**WHAT YOU NEED TO DO**
From the line with "[ffun x => c * f x]." through the line with "Definition hwt (i", repeat the entries verbatim, both end lines included, and add nothing.

**SUPPLIED MATERIAL**
(* Under the setting in the context (in particular $\hat\tau$ permutation-invariant), for every subset $\mathcal S_u\subseteq\mathcal U$, every $j\in\mathcal S_u$ and every $k\in\mathcal C$, $$\mathbb E\Big[\frac{\mathbf 1\{R_j>\mathcal Q_j,\ T_k\le\hat\tau,\ \hat{\mathcal S}_u=\mathcal S_u\}}{\sum_{i\in\mathcal C\cup\{j\}}\mathbf 1\{T_i\le\hat\tau\}}\Big]=\mathbb E\Big[\frac{\mathbf 1\{R_k>\mathcal Q_j,\ T_k\le\hat\tau,\ \hat{\mathcal S}_u=\mathcal S_u\}}{\sum_{i\in\mathcal C\cup\{j\}}\mathbf 1\{T_i\le\hat\tau\}}\Big],$$ where $\mathcal Q_j$ is the $\lceil(1-\alpha)(|\hat{\mathcal S}_c|+1)\rceil$-th smallest value of $\{R_i: i\in\hat{\mathcal S}_c\cup\{j\}\}$.
   Context: Setting: $\hat\mu,g:\mathbb R^d\to\mathbb R$ fixed deterministic measurable functions; calibration indices $\mathcal C$ ($|\mathcal C|=n$) and disjoint test indices $\mathcal U$ ($|\mathcal U|=m$); $(X_i,Y_i)$, $i\in\mathcal C\cup\mathcal U$, i.i.d.; $T_i=g(X_i)$, $R_i=|Y_i-\hat\mu(X_i)|$; $\alpha\in(0,1)$. The threshold is $\hat\tau=\tau(T_i:i\in\mathcal C\cup\mathcal U)$ for a deterministic measurable $\tau:\mathbb R^{n+m}\to\mathbb R$ invariant under permutations of its arguments; $\hat{\mathcal S}_u=\{i\in\mathcal U:T_i\le\hat\tau\}$ and $\hat{\mathcal S}_c=\{i\in\mathcal C:T_i\le\hat\tau\}$. On the event $\hat{\mathcal S}_u=\mathcal S_u\ni j$ the denominator is at least $1$. *)

From HB Require Import structures.
From mathcomp Require Import all_boot all_order all_algebra.
From mathcomp Require Import all_classical all_reals all_analysis.
Set Implicit Arguments. Unset Strict Implicit. Unset Printing Implicit Defensive.
Import Order.TTheory GRing.Theory Num.Theory.
Local Open Scope classical_set_scope.
Local Open Scope ring_scope.
(* The $R$-linear map $\kappa:V^*\to V^{\otimes n-1}$ defined by \[ v_i^*\mapsto (-q)^i\sum_{w\in\mathfrak S_{n-1}}(-q)^{l(w)}v_{(1,2,\ldots,\hat i,\ldots,n).w}\qquad(1\le i\le n) \] is a well-defined monomorphism of $\mathbf U'$-modules. (Here $(1,\ldots,\hat i,\ldots,n)$ is the multi-index of length $n-1$ obtained by omitting $i$.)
   Context: $R$ commutative ring with $1$, $q\in R$ invertible, $n\ge 1$. $\mathbf U'$ is the $R$-form (obtained by base change $\mathbb Z[q,q^{-1}]\to R$, $q\mapsto q$) of the $\mathbb Z[q,q^{-1}]$-subalgebra of $U_q(\mathfrak{gl}_n)$ generated by the $K_i=q^{h_i-h_{i+1}}$ and the divided powers $e_i^{(l)}=e_i^l/[l]_q!$, $f_i^{(l)}=f_i^l/[l]_q!$ ($1\le i\le n-1$, $l\ge 0$, $[l]_q=\sum_{t=0}^{l-1}q^{2t-l+1}$); it is a sub-Hopf algebra of the analogous $R$-form $\mathbf U$ of $U_q(\mathfrak{gl}_n)$, with $\Delta(K_i)=K_i\otimes K_i$, $\Delta(e_i)=e_i\otimes K_i^{-1}+1\otimes e_i$, $\Delta(f_i)=f_i\otimes 1+K_i\otimes f_i$, $S(K_i)=K_i^{-1}$, $S(e_i)=-e_iK_i$, $S(f_i)=-K_i^{-1}f_i$. $V=R^n$ with basis $v_1,\dots,v_n$: $K_iv_j=q^{\delta_{ij}-\delta_{i+1,j}}v_j$, $e_iv_{i+1}=v_i$, $e_iv_j=0$ for $j\ne i+1$, $f_iv_i=v_{i+1}$, $f_iv_j=0$ for $j\neq i$, and $e_i^{(l)},f_i^{(l)}$ act as $0$ for $l\ge2$. $\mathbf U'$ acts on tensor powers via $\Delta$ and on $V^*=\mathrm{Hom}_R(V,R)$ (dual basis $v_1^*,\dots,v_n^*$) by $(xf)(w)=f(S(x)w)$. For a multi-index $\mathbf i=(i_1,\dots,i_m)$, $v_{\mathbf i}=v_{i_1}\otimes\cdots\otimes v_{i_m}$; $\mathfrak S_m$ acts on multi-indices on the right by place permutations ($\mathbf i.s_t$ swaps the entries in positions $t,t+1$); $l(w)$ is the Coxeter length. *)

From HB Require Import structures.
From mathcomp Require Import all_boot all_order all_algebra all_fingroup.
Set Implicit Arguments. Unset Strict Implicit. Unset Printing Implicit Defensive.
Import Order.TTheory GRing.Theory Num.Theory.
Local Open Scope ring_scope.

(* Conventions: indices are zero-based.  Basis vector v_{k+1}
   of the paper is the ordinal k : 'I_n; the generator e_{i+1},f_{i+1},K_{i+1}
   of the paper is indexed by i : 'I_n with i.+1 < n.  Elements of V (and of
   V^* = Hom_R(V,R), via phi |-> (k |-> phi(v_k))) are coordinate vectors
   {ffun 'I_n -> R}; elements of V^{(x) m} are coordinate functions on
   multi-indices {ffun m.-tuple 'I_n -> R}. *)

Definition scf (R : comUnitRingType) (T : finType) (c : R) (f : {ffun T -> R})
  : {ffun T -> R} := [ffun x => c * f x].
Notation "c *:: f" := (scf c f) (at level 40).

Section QuantumGL.
Variable R : comUnitRingType.
Variable q : R.
Variable n : nat.

Local Notation vec := {ffun 'I_n -> R}.
Local Notation tensor m := {ffun m.-tuple 'I_n -> R}.

(* weight: K_i v_k = q^(hwt i k) v_k *)
Definition hwt (i k : 'I_n) : int :=
  (nat_of_bool (val k == val i))%:Z - (nat_of_bool (val k == (val i).+1))%:Z.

**REPLY TO THE TASK**
  : {ffun T -> R} := [ffun x => c * f x].
Notation "c *:: f" := (scf c f) (at level 40).

Section QuantumGL.
Variable R : comUnitRingType.
Variable q : R.
Variable n : nat.

Local Notation vec := {ffun 'I_n -> R}.
Local Notation tensor m := {ffun m.-tuple 'I_n -> R}.

(* weight: K_i v_k = q^(hwt i k) v_k *)
Definition hwt (i k : 'I_n) : int :=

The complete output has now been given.